_How to complete this task_.
Beneath this instruction is a block of data; output from it exactly the lines that run from the one containing "rewrite rsum_front. destruct" through the one containing "rewrite !rsum_scal_l, <- !rsum_plus.", inclusive.

Dataset START

Lemma hit_loops t x j : x <> t -> (j < d)%nat -> forall n c i, (i < d)%nat ->
  mmul d (mpow d (tr (w x)) n) (hit d w t c x) i j <= hit d w t (n + c) x i j.
Proof.
  intros Hx Hj n. destruct (Hw x) as [_ [Hr _]].
  induction n as [|n IH]; intros c i Hi.
  - simpl. rewrite mmul_idm_l by auto. lra.
  - replace (S n + c)%nat with (n + S c)%nat by lia.
    eapply Rle_trans; [|apply IH; auto]. simpl mpow. rewrite mmul_assoc.
    apply mmul_le_r; auto using mpow_nonneg.
    intros l Hl. apply hit_S_ge; auto.
Qed.

Lemma hit_left_excursion t x j n b i : x <> t -> (j < d)%nat -> (i < d)%nat ->
  mmul d (mmul d (mpow d (tr (w x)) n) (tq (w x))) (hit d w t b (x - 1)) i j
  <= hit d w t (n + S b) x i j.
Proof.
  intros Hx Hj Hi. destruct (Hw x) as [_ [Hr _]].
  eapply Rle_trans; [|apply hit_loops; auto]. rewrite mmul_assoc.
  apply mmul_le_r; auto using mpow_nonneg.
  intros l Hl. apply hit_S_ge; auto.
Qed.

Lemma hit_right_excursion t x j n i : (x + 1)%Z = t -> (j < d)%nat -> (i < d)%nat ->
  mmul d (mpow d (tr (w x)) n) (tp (w x)) i j <= hit d w t (n + 1) x i j.
Proof.
  intros Hx Hj Hi. destruct (Hw x) as [_ [Hr _]].
  eapply Rle_trans; [|apply hit_loops; auto; lia].
  apply mmul_le_r; auto using mpow_nonneg.
  intros l Hl. destruct (hit_S_ge t 0 x l j) as [_ [_ Hstep]]; auto; [lia|].
  eapply Rle_trans; [|exact Hstep].
  rewrite (mmul_ext_r d _ _ idm), mmul_idm_r by (auto; intros; rewrite Hx; apply hit_0_target).
  lra.
Qed.

(** Strong Markov inequality at the intermediate level [s]: from [x <= s], hitting [s] at
    time [a] and then [t > s] after [b] more steps is one way of hitting [t] at time [a+b]. *)
Lemma hit_compose s t j : (s < t)%Z -> (j < d)%nat -> forall a b x i, (x <= s)%Z -> (i < d)%nat ->
  mmul d (hit d w s a x) (hit d w t b s) i j <= hit d w t (a + b) x i j.
Proof.
  intros Hst Hj a. induction a as [|a IH]; intros b x i Hx Hi.
  - destruct (Z.eq_dec x s) as [->|Hne].
    + rewrite (mmul_ext_l d _ idm), mmul_idm_l by (intros; apply hit_0_target || auto; auto).
      simpl; lra.
    + rewrite (mmul_ext_l d _ (fun _ _ => 0)) by (intros; apply hit_0_off; auto).
      unfold mmul. rewrite (rsum_ext _ _ (fun _ => 0)), rsum_zero by (intros; ring).
      apply hit_nonneg; auto.
  - destruct (Z.eq_dec x s) as [->|Hne].
    + rewrite (mmul_ext_l d _ (fun _ _ => 0)) by (intros; apply hit_S_target).
      unfold mmul. rewrite (rsum_ext _ _ (fun _ => 0)), rsum_zero by (intros; ring).
      apply hit_nonneg; auto.
    + destruct (Hw x) as [Hq [Hr Hp]].
      rewrite (mmul_ext_l d _ (fun i' l => mmul d (tq (w x)) (hit d w s a (x - 1)) i' l
          + mmul d (tr (w x)) (hit d w s a x) i' l + mmul d (tp (w x)) (hit d w s a (x + 1)) i' l))
        by (intros; apply hit_S; auto).
      rewrite !mmul_plus_l, !mmul_assoc. simpl (S a + b)%nat. rewrite hit_S by lia.
      repeat apply Rplus_le_compat; apply mmul_le_r; auto; intros l Hl; apply IH; auto; lia.
Qed.

(** The detour used to compare [Phi_x] and [Phi_{x+1}]: from [(x+1, i)] loop [n1] times and
    step down to [(x, l)]; go from [(x, l)] back up to [(x+1, m)] in [a] steps; then loop [n2]
    times and step up to [(x+2, j)]. *)
Lemma hit_detour (x : Z) (n1 n2 a : nat) i l m j :
  (i < d)%nat -> (l < d)%nat -> (m < d)%nat -> (j < d)%nat ->
  mmul d (mpow d (tr (w (x + 1)%Z)) n1) (tq (w (x + 1)%Z)) i l
  * mmul d (mpow d (tr (w (x + 1)%Z)) n2) (tp (w (x + 1)%Z)) m j
  * hit d w (x + 1) a x l m
  <= hit d w (x + 1 + 1) (n1 + S (a + (n2 + 1))) (x + 1) i j.
Proof.
  intros Hi Hl Hm Hj. destruct (Hw (x + 1)%Z) as [Hq [Hr Hp]].
  set (c1 := mmul d (mpow d (tr (w (x + 1)%Z)) n1) (tq (w (x + 1)%Z)) i l).
  set (c2 := mmul d (mpow d (tr (w (x + 1)%Z)) n2) (tp (w (x + 1)%Z)) m j).
  assert (Hc1 : 0 <= c1) by (apply mmul_nonneg; auto using mpow_nonneg).
  assert (Hup : hit d w (x + 1) a x l m * c2
                <= hit d w (x + 1 + 1) (a + (n2 + 1)) x l j).
  { eapply Rle_trans; [|apply (hit_compose (x + 1)); auto; lia].
    eapply Rle_trans; [|apply mmul_ge_term with (l := m); auto using hit_nonneg].
    apply Rmult_le_compat_l; [apply hit_nonneg; auto|].
    apply hit_right_excursion; auto. }
  assert (Hdown : c1 * hit d w (x + 1 + 1) (a + (n2 + 1)) x l j
                  <= hit d w (x + 1 + 1) (n1 + S (a + (n2 + 1))) (x + 1) i j).
  { eapply Rle_trans; [|apply hit_left_excursion; auto; lia].
    replace (x + 1 - 1)%Z with x by ring.
    apply mmul_ge_term; auto using hit_nonneg.
    intros ? ? ? ?; apply mmul_nonneg; auto using mpow_nonneg. }
  assert (0 <= hit d w (x + 1) a x l m) by (apply hit_nonneg; auto).
  assert (c1 * (hit d w (x + 1) a x l m * c2) <= c1 * hit d w (x + 1 + 1) (a + (n2 + 1)) x l j)
    by (apply Rmult_le_compat_l; auto).
  nra.
Qed.

(** Total mass: the events [{T_t = n}] are disjoint, so their probabilities sum to at most 1. *)
Lemma hit_mass_le1 :
  (forall x i, (i < d)%nat -> rsum d (fun l => tq (w x) i l + tr (w x) i l + tp (w x) i l) = 1) ->
  forall N t x i, (i < d)%nat -> rsum N (fun n => rsum d (fun j => hit d w t n x i j)) <= 1.
Proof.
  intros Hrow N. induction N as [|N IH]; intros t x i Hi; [simpl; lra|].
  rewrite rsum_front. destruct (Z.eq_dec x t) as [->|Hx].
  - rewrite (rsum_ext d _ (fun j => idm i j)) by (intros; apply hit_0_target).
    rewrite idm_row by auto.
    rewrite (rsum_ext N _ (fun _ => 0)), rsum_zero; [lra|].
    intros a _. rewrite (rsum_ext _ _ (fun _ => 0)), rsum_zero; auto.
    intros; apply hit_S_target.
  - rewrite (rsum_ext d _ (fun _ => 0)), rsum_zero by (intros; apply hit_0_off; auto).
    set (G := fun y l => rsum N (fun n => rsum d (fun j => hit d w t n y l j))).
    assert (Hsplit : rsum N (fun a => rsum d (fun j => hit d w t (S a) x i j)) =
      rsum d (fun l => tq (w x) i l * G (x - 1)%Z l + tr (w x) i l * G x l
                       + tp (w x) i l * G (x + 1)%Z l)).
    { transitivity (rsum N (fun a => rsum d (fun l =>
          tq (w x) i l * rsum d (fun j => hit d w t a (x - 1) l j)
        + tr (w x) i l * rsum d (fun j => hit d w t a x l j)
        + tp (w x) i l * rsum d (fun j => hit d w t a (x + 1) l j)))).
      - apply rsum_ext; intros a _.
        rewrite (rsum_ext d _ (fun j => mmul d (tq (w x)) (hit d w t a (x - 1)) i j
            + mmul d (tr (w x)) (hit d w t a x) i j + mmul d (tp (w x)) (hit d w t a (x + 1)) i j))
          by (intros; apply hit_S; auto).
        rewrite !rsum_plus, !mmul_row_sum, <- !rsum_plus. reflexivity.
      - rewrite rsum_exch. apply rsum_ext; intros l _. unfold G.
        rewrite !rsum_scal_l, <- !rsum_plus. reflexivity. }
    rewrite Hsplit, Rplus_0_l, <- (Hrow x i Hi). apply rsum_le; intros l Hl.
    destruct (Hw x) as [Hq [Hr Hp]].
    assert (Hq0 := Hq i l Hi Hl). assert (Hr0 := Hr i l Hi Hl). assert (Hp0 := Hp i l Hi Hl).
    assert (G (x - 1)%Z l <= 1) by (apply IH; auto).
    assert (G x l <= 1) by (apply IH; auto).
    assert (G (x + 1)%Z l <= 1) by (apply IH; auto).
    nra.
Qed.
(* Let $G$ be a bounded metric operator on $\mathcal H$ (with $G^{-1}$ possibly unbounded) and $S$ a closed densely defined operator in $\mathcal H$. Then for every $\zeta\in D(S^* )\cap D(G^{-1/2})$ such that $S^*\zeta\in D(G^{-1/2})$, there exists $\eta\in D(S^\#)$ such that $\widetilde G\eta=\zeta$ and $\widetilde G S^\#\eta=S^*\widetilde G\eta\,(=S^*\zeta)$.
   Context: A metric operator on a Hilbert space $\mathcal H$ is a self-adjoint operator $G$ with $\langle G\xi,\xi\rangle>0$ for all nonzero $\xi\in D(G)$. For bounded $G$, $\mathcal H(G)$ is the completion of $\mathcal H$ in the norm $\|\xi\|_G=\|G^{1/2}\xi\|$ with inner product $\langle\xi,\eta\rangle_G=\langle G\xi,\eta\rangle$, and $\widetilde G:\mathcal H(G)\to\mathcal H$ is the continuous extension of $G$. $S^\#$ is the adjoint of $S$ regarded as a densely defined operator in $\mathcal H(G)$ with domain $D(S)$; $S^*$ is the adjoint in $\mathcal H$. *)

From mathcomp Require Import all_boot all_order all_algebra.
From mathcomp Require Import reals complex.
Set Implicit Arguments. Unset Strict Implicit. Unset Printing Implicit Defensive.
Import Order.TTheory GRing.Theory Num.Theory.
Local Open Scope ring_scope.

(** A Hilbert space over the scalar field [C] is an [lmodType C] together with
    an inner product [ip], linear in the FIRST argument and conjugate-linear
    in the second (the convention ⟨Gξ,ξ⟩ of the paper), complete for the norm
    [ipnorm x = sqrt (ip x x)]. *)

Section Hilbert.
Variables (C : numClosedFieldType) (V : lmodType C) (ip : V -> V -> C).

Definition inner_product : Prop :=
  [/\ forall (a : C) (x y z : V), ip (a *: x + y) z = a * ip x z + ip y z,
      forall x y : V, ip y x = Num.conj (ip x y),
      forall x : V, 0 <= ip x x &
      forall x : V, ip x x = 0 -> x = 0].

Definition ipnorm (x : V) : C := sqrtC (ip x x).

Definition cauchy_seq (u : nat -> V) : Prop :=
  forall e : C, 0 < e -> exists N : nat, forall m n : nat,
    (N <= m)%N -> (N <= n)%N -> ipnorm (u m - u n) < e.

Definition seq_conv (u : nat -> V) (l : V) : Prop :=
  forall e : C, 0 < e -> exists N : nat, forall n : nat,
    (N <= n)%N -> ipnorm (u n - l) < e.

Definition hilbert : Prop :=
  inner_product /\ forall u, cauchy_seq u -> exists l, seq_conv u l.

Definition subspace (D : V -> Prop) : Prop :=
  D 0 /\ forall (a : C) x y, D x -> D y -> D (a *: x + y).
(* Let $\mathcal{C}$ be cocomplete, $J$ a set of morphisms and $\mathsf L^1$ the one-step comonad generated by $J$. For every $g\colon C\to D$, the $\mathsf L^1$-coalgebra $\overline{L^1}g$ (described below) is equal to the cofree $\mathsf L^1$-coalgebra $(\lambda^1_g,\sigma^1_g)$; that is, $\overline{L^1}=F_{\mathsf L^1}$ as functors $\mathcal{C}^{\mathbf 2}\to\mathsf L^1\text{-}\mathbf{Map}$.
   Context: $\mathcal{C}^{\mathbf 2}$ is the arrow category. For $g\colon C\to D$, $S_g$ is the set of $x=(f_x,(h_x,k_x))$ with $f_x\colon A_x\to B_x$ in $J$ and $gh_x=k_xf_x$. One-step comonad $\mathsf L^1=(E^1,\lambda^1,\rho^1,\sigma^1)$: $E^1g$ is the pushout of $\sum_xf_x\colon\sum A_x\to\sum B_x$ along $\langle h_x\rangle\colon\sum A_x\to C$, $\lambda^1_g$ the pushout injection, $\rho^1_g$ induced by $g,\langle k_x\rangle$; $E^1(h,k)$ induced by $h$ and reindexing $x\mapsto(h,k)\circ x$; writing $\iota_x\colon B_x\to E^1g$ for the coproduct injection followed by the pushout map, $\sigma^1_g\colon E^1g\to E^1(\lambda^1_g)$ is induced by $1_C$ and sending summand $x$ to summand $(f_x,(h_x,\iota_x))\in S_{\lambda^1_g}$. $\mathsf L^1$-coalgebras are $(f,s)$ with $s\colon Y\to E^1f$, $sf=\lambda^1_f$, $\rho^1_fs=1$, $\sigma^1_fs=E^1(1_X,s)s$; morphisms are squares $(h,k)$ with $tk=E^1(h,k)s$. The cofree functor $F_{\mathsf L^1}$ sends $g$ to $(\lambda^1_g,\sigma^1_g)$. Each $f\colon A\to B$ in $J$ carries the canonical $\mathsf L^1$-coalgebra structure $(f,\alpha_f)$ with $\alpha_f=\iota_{(f,(1_A,1_B))}$. The forgetful functor $\mathsf L^1\text{-}\mathbf{Map}\to\mathcal{C}^{\mathbf 2}$ creates colimits and (by pushout along maps of $\mathcal{C}$) cocartesian liftings for $\mathrm{dom}$; hence the coproduct $\sum_x(f_x,\alpha_{f_x})$ and its pushout along $\langle h_x\rangle$ exist in $\mathsf L^1\text{-}\mathbf{Map}$, with underlying map $\lambda^1_g$; this pushout is $\overline{L^1}g$, i.e. $\overline{L^1}g=(\lambda^1_g,t_g)$ where $t_g$ is the unique $\mathsf L^1$-coalgebra structure making $(\langle h_x\rangle,\langle\iota_x\rangle)\colon\sum_x(f_x,\alpha_{f_x})\to(\lambda^1_g,t_g)$ a cocartesian coalgebra morphism. *)

Record Cat : Type := {
  Ob :> Type;
  Hom : Ob -> Ob -> Type;
  cmp : forall a b e : Ob, Hom b e -> Hom a b -> Hom a e;
  idm : forall a : Ob, Hom a a;
  cmpA : forall a b e d (h : Hom e d) (g : Hom b e) (f : Hom a b),
      cmp _ _ _ h (cmp _ _ _ g f) = cmp _ _ _ (cmp _ _ _ h g) f;
  cmp1l : forall a b (f : Hom a b), cmp _ _ _ (idm b) f = f;
  cmp1r : forall a b (f : Hom a b), cmp _ _ _ f (idm a) = f }.
Arguments Hom {c} _ _.
Arguments cmp {c a b e} _ _.
Arguments idm {c} a.
Arguments cmpA {c a b e d} h g f.
Arguments cmp1l {c a b} f.
Arguments cmp1r {c a b} f.
Notation "g ∘ f" := (cmp g f) (at level 40, left associativity).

Dataset END

_Completed task_.
  rewrite rsum_front. destruct (Z.eq_dec x t) as [->|Hx].
  - rewrite (rsum_ext d _ (fun j => idm i j)) by (intros; apply hit_0_target).
    rewrite idm_row by auto.
    rewrite (rsum_ext N _ (fun _ => 0)), rsum_zero; [lra|].
    intros a _. rewrite (rsum_ext _ _ (fun _ => 0)), rsum_zero; auto.
    intros; apply hit_S_target.
  - rewrite (rsum_ext d _ (fun _ => 0)), rsum_zero by (intros; apply hit_0_off; auto).
    set (G := fun y l => rsum N (fun n => rsum d (fun j => hit d w t n y l j))).
    assert (Hsplit : rsum N (fun a => rsum d (fun j => hit d w t (S a) x i j)) =
      rsum d (fun l => tq (w x) i l * G (x - 1)%Z l + tr (w x) i l * G x l
                       + tp (w x) i l * G (x + 1)%Z l)).
    { transitivity (rsum N (fun a => rsum d (fun l =>
          tq (w x) i l * rsum d (fun j => hit d w t a (x - 1) l j)
        + tr (w x) i l * rsum d (fun j => hit d w t a x l j)
        + tp (w x) i l * rsum d (fun j => hit d w t a (x + 1) l j)))).
      - apply rsum_ext; intros a _.
        rewrite (rsum_ext d _ (fun j => mmul d (tq (w x)) (hit d w t a (x - 1)) i j
            + mmul d (tr (w x)) (hit d w t a x) i j + mmul d (tp (w x)) (hit d w t a (x + 1)) i j))
          by (intros; apply hit_S; auto).
        rewrite !rsum_plus, !mmul_row_sum, <- !rsum_plus. reflexivity.
      - rewrite rsum_exch. apply rsum_ext; intros l _. unfold G.
        rewrite !rsum_scal_l, <- !rsum_plus. reflexivity. }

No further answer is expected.